Filter the data for lines with the word "leadsto" and copy those lines.
§ §
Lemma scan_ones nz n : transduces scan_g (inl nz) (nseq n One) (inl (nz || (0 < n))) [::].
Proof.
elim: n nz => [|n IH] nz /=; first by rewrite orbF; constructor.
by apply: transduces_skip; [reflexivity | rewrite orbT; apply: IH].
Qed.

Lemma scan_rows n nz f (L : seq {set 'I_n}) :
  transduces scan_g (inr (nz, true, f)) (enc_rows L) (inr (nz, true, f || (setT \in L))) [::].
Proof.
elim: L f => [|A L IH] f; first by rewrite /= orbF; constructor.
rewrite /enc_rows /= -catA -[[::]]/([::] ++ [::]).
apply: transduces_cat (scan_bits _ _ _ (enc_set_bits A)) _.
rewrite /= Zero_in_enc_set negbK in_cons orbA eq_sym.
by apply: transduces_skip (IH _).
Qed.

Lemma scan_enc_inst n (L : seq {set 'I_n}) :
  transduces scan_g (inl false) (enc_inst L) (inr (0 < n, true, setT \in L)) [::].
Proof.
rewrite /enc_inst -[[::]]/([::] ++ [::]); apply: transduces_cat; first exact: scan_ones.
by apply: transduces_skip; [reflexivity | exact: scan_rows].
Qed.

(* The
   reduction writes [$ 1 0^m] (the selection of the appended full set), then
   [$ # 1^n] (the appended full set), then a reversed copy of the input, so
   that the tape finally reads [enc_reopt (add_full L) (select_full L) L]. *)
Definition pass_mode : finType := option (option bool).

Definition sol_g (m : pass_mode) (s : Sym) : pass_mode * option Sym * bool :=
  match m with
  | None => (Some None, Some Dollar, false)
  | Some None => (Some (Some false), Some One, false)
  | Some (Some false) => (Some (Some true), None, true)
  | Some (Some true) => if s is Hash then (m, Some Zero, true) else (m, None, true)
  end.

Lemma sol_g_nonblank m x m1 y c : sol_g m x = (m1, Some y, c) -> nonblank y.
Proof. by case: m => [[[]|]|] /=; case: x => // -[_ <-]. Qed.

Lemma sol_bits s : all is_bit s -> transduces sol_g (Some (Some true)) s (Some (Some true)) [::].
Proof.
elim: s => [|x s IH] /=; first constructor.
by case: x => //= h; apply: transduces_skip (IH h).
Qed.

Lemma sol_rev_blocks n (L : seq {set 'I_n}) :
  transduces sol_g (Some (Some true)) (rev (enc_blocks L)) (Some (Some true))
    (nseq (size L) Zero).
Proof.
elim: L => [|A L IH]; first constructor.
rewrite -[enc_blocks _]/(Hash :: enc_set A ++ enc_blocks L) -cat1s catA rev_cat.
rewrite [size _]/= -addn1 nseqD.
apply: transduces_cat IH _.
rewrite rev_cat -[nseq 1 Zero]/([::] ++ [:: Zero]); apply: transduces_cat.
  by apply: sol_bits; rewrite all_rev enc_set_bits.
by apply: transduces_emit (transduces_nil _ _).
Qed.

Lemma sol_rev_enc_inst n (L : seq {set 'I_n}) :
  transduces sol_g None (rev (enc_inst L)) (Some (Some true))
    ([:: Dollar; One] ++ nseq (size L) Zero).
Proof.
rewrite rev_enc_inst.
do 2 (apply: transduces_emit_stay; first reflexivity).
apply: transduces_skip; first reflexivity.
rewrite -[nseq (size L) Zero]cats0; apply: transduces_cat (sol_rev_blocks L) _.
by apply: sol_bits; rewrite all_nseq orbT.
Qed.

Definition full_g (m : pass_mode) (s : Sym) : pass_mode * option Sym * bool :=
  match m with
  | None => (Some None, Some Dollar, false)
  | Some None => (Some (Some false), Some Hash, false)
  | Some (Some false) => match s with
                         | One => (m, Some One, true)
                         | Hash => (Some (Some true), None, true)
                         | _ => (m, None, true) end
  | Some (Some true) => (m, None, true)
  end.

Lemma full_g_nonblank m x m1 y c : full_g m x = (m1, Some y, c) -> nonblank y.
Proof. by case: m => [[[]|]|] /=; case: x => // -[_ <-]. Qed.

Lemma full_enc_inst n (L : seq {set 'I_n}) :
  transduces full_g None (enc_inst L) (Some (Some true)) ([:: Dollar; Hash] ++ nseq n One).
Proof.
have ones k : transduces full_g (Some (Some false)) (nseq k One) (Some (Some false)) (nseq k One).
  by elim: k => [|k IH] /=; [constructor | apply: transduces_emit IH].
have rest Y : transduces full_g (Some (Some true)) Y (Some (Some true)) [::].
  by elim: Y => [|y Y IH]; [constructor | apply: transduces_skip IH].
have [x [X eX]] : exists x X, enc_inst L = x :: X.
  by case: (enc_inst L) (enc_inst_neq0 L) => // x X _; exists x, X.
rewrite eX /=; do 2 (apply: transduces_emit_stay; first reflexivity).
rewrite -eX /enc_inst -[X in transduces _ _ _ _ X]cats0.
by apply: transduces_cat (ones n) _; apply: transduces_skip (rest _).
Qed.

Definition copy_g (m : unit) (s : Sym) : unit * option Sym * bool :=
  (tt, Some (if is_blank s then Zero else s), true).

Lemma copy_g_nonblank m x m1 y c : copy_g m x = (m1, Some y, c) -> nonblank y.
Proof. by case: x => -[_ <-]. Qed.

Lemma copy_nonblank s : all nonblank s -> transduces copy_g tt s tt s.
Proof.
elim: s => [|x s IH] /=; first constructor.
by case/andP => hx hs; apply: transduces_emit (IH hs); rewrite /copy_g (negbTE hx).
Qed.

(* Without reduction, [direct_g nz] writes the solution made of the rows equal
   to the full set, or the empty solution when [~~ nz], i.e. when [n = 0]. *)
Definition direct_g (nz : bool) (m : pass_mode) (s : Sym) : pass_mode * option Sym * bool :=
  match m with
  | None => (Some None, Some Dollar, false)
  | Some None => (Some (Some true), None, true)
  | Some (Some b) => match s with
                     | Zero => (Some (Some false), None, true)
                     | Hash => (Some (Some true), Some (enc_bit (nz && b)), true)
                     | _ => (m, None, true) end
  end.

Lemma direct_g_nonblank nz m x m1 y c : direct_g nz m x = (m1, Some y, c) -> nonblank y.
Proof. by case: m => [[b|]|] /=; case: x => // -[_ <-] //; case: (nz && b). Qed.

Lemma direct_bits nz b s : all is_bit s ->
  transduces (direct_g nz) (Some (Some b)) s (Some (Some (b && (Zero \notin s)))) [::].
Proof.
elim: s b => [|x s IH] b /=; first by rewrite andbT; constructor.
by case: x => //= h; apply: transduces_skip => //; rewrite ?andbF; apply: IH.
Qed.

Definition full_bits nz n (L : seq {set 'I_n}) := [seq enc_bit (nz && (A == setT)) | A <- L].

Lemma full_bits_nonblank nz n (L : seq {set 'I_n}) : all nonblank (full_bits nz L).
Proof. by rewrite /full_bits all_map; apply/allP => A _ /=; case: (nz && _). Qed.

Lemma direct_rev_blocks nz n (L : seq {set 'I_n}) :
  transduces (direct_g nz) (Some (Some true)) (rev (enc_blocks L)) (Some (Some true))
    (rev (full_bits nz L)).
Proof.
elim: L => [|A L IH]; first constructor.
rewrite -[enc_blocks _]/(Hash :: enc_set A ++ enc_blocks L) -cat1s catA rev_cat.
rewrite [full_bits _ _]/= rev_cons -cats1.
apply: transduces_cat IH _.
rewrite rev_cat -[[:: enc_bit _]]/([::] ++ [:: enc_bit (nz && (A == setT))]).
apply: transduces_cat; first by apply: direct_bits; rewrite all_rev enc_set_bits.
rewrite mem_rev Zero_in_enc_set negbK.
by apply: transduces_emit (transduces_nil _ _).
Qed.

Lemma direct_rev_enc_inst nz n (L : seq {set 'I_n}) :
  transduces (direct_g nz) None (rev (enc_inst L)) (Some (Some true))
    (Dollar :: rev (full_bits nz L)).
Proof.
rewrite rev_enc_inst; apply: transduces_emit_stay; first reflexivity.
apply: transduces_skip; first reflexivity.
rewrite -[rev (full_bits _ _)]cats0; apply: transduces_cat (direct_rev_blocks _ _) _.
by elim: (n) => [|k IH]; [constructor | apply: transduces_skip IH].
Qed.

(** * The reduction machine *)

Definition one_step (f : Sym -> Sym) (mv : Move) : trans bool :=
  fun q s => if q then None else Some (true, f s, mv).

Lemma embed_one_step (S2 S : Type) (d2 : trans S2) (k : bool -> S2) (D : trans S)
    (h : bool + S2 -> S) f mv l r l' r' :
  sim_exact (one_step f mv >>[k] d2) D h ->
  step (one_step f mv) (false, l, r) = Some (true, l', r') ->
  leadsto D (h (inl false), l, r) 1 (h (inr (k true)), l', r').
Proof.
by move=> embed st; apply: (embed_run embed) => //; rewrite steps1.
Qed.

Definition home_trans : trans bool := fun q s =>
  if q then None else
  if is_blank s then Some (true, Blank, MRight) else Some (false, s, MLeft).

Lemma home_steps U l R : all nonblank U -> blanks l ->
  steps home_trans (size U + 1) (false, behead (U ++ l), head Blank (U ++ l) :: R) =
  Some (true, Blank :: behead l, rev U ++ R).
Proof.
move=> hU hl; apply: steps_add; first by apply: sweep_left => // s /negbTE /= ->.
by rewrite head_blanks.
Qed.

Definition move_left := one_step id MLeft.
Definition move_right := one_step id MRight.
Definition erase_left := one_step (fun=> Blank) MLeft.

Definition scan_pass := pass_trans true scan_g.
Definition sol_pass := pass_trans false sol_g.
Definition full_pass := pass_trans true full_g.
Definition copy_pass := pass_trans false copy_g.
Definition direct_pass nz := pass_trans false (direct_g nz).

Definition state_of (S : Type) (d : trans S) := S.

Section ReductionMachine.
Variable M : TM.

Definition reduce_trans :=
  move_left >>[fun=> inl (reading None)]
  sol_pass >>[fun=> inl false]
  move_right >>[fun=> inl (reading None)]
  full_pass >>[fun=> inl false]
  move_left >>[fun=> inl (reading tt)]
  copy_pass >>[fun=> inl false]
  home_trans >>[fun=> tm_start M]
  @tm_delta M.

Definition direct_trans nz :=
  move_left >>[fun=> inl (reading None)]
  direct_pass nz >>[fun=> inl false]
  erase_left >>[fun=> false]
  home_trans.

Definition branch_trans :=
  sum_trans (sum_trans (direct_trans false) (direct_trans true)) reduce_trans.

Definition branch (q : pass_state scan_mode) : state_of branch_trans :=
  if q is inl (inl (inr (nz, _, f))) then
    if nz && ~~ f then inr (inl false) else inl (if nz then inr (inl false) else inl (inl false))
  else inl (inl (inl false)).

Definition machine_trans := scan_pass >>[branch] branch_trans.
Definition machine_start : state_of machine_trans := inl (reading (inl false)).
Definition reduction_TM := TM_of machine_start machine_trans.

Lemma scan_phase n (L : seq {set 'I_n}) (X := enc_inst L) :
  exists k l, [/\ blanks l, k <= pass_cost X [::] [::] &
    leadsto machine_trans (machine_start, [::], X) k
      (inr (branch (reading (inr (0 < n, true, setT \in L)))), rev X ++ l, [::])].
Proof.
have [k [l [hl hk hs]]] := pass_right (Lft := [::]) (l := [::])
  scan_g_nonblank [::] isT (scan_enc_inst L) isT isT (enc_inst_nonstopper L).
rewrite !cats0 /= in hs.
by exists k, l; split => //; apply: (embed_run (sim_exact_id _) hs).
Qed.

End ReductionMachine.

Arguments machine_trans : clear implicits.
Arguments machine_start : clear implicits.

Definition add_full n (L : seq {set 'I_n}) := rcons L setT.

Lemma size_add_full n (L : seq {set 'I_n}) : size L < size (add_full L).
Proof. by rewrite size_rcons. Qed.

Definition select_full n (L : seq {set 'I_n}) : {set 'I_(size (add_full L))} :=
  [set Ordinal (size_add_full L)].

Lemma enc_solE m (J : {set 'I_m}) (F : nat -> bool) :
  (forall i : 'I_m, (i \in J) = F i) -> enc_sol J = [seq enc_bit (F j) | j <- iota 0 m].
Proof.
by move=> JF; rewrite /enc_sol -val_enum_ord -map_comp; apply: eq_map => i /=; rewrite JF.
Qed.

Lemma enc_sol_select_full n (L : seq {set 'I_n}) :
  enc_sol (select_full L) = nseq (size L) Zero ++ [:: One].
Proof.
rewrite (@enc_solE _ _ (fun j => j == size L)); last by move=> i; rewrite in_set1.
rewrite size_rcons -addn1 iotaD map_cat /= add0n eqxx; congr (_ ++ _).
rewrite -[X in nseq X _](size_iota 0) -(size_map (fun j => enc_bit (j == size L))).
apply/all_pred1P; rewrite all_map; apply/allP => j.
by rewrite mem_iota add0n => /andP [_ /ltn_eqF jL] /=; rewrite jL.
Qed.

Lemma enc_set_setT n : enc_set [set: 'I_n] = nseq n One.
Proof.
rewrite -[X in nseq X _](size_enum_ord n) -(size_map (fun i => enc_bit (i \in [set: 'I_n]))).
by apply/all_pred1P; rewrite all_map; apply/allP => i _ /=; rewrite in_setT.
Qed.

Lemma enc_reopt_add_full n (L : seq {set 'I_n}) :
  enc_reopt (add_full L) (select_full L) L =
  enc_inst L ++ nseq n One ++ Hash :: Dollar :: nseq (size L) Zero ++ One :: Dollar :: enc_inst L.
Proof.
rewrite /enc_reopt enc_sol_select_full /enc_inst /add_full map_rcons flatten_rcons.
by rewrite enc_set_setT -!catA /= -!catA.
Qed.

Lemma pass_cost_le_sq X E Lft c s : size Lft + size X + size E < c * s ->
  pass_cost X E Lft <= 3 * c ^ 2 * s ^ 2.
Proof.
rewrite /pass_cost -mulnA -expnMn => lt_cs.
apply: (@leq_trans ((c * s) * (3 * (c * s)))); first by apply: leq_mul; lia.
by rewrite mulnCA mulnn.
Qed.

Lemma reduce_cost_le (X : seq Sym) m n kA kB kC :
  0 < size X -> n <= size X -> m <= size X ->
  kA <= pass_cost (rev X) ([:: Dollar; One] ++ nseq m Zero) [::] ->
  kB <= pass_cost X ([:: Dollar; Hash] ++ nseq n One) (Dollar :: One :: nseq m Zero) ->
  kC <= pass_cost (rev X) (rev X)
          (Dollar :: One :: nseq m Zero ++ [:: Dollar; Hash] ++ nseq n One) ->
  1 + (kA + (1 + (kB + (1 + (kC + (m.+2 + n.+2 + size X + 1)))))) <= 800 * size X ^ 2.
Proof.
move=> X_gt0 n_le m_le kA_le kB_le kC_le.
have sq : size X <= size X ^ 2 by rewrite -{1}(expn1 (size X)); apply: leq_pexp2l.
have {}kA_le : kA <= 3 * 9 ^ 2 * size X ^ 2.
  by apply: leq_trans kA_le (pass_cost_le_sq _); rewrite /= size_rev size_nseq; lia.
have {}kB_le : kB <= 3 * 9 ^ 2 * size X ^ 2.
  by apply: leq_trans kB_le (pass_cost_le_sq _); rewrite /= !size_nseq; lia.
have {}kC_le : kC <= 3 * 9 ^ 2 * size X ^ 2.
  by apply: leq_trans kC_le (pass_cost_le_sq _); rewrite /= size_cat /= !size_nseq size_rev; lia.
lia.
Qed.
§ §
TASK SOLUTION:
  leadsto D (h (inl false), l, r) 1 (h (inr (k true)), l', r').
    leadsto machine_trans (machine_start, [::], X) k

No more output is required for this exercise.